## Exercise aim
In the entries below, find the line with "Theorem lemma4p15 (d" and the line with "by apply/allpairsP; exists". Reproduce those two lines and every line between them exactly, and nothing more.

Excerpts from a dataset
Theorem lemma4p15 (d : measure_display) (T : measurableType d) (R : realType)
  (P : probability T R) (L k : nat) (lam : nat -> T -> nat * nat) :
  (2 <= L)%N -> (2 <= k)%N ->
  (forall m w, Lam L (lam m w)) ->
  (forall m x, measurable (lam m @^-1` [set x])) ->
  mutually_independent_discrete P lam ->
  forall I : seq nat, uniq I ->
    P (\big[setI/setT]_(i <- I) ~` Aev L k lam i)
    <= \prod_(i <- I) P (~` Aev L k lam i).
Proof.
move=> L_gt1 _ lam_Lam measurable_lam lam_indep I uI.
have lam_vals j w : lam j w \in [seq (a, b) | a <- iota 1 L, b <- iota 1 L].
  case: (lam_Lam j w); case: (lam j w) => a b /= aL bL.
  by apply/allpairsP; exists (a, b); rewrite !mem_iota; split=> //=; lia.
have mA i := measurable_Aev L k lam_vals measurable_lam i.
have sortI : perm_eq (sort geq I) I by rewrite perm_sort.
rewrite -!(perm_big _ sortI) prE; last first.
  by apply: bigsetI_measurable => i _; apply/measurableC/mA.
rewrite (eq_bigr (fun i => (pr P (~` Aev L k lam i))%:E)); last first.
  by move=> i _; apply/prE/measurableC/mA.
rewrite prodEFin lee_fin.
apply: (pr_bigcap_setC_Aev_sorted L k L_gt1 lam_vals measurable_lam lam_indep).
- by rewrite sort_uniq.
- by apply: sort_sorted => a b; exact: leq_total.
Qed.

* * *

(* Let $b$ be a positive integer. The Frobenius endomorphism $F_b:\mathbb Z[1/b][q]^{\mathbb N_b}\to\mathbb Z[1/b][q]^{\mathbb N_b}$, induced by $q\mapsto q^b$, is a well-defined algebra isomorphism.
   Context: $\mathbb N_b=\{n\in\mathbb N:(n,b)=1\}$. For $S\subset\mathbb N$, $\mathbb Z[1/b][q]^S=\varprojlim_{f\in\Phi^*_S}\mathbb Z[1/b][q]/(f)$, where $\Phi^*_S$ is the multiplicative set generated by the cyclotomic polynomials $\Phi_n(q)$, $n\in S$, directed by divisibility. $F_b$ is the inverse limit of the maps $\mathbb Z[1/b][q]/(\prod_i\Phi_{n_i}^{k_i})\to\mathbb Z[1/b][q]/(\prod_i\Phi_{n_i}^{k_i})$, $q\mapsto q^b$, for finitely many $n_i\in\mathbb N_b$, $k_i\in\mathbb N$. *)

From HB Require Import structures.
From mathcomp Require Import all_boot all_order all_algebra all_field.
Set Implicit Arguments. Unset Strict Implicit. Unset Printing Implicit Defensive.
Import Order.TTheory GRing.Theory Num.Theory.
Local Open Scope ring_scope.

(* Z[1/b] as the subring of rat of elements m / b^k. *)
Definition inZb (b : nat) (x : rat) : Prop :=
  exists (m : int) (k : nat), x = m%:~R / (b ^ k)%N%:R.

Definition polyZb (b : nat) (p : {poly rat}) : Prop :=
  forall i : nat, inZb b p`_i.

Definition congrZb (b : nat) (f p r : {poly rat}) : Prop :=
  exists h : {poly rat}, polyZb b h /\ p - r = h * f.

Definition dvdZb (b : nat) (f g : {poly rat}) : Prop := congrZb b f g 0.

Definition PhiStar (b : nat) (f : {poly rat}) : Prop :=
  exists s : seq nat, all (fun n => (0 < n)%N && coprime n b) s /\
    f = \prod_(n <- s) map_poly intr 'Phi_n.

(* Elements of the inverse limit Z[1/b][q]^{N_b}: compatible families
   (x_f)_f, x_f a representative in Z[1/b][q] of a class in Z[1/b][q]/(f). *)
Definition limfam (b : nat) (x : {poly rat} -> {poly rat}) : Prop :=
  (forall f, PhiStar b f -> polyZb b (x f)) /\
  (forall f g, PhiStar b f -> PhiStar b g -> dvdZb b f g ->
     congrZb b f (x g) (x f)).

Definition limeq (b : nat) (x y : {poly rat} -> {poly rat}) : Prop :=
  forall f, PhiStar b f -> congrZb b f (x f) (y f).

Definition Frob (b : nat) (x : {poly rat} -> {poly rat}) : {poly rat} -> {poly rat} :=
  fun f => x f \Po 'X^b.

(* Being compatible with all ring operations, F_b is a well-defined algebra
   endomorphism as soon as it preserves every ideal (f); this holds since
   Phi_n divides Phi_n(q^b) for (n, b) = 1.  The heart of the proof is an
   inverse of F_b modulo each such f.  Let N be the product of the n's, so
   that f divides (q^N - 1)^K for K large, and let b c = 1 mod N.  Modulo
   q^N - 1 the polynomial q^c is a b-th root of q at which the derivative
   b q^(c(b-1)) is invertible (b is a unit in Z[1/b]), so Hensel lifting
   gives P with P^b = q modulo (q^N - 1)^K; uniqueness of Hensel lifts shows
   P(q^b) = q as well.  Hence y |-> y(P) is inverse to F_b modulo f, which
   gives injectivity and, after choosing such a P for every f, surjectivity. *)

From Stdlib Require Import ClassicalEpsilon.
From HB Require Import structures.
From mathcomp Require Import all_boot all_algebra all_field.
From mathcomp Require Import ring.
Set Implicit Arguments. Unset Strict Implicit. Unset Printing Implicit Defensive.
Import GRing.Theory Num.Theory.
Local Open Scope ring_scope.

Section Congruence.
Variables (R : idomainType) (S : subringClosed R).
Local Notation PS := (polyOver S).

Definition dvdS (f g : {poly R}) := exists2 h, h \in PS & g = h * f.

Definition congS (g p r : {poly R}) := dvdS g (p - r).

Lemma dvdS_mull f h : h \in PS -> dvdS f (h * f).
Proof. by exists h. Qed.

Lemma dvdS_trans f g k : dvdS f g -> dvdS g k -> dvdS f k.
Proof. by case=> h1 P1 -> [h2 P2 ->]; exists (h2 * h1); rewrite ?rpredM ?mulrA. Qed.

## Task response
Theorem lemma4p15 (d : measure_display) (T : measurableType d) (R : realType)
  (P : probability T R) (L k : nat) (lam : nat -> T -> nat * nat) :
  (2 <= L)%N -> (2 <= k)%N ->
  (forall m w, Lam L (lam m w)) ->
  (forall m x, measurable (lam m @^-1` [set x])) ->
  mutually_independent_discrete P lam ->
  forall I : seq nat, uniq I ->
    P (\big[setI/setT]_(i <- I) ~` Aev L k lam i)
    <= \prod_(i <- I) P (~` Aev L k lam i).
Proof.
move=> L_gt1 _ lam_Lam measurable_lam lam_indep I uI.
have lam_vals j w : lam j w \in [seq (a, b) | a <- iota 1 L, b <- iota 1 L].
  case: (lam_Lam j w); case: (lam j w) => a b /= aL bL.
  by apply/allpairsP; exists (a, b); rewrite !mem_iota; split=> //=; lia.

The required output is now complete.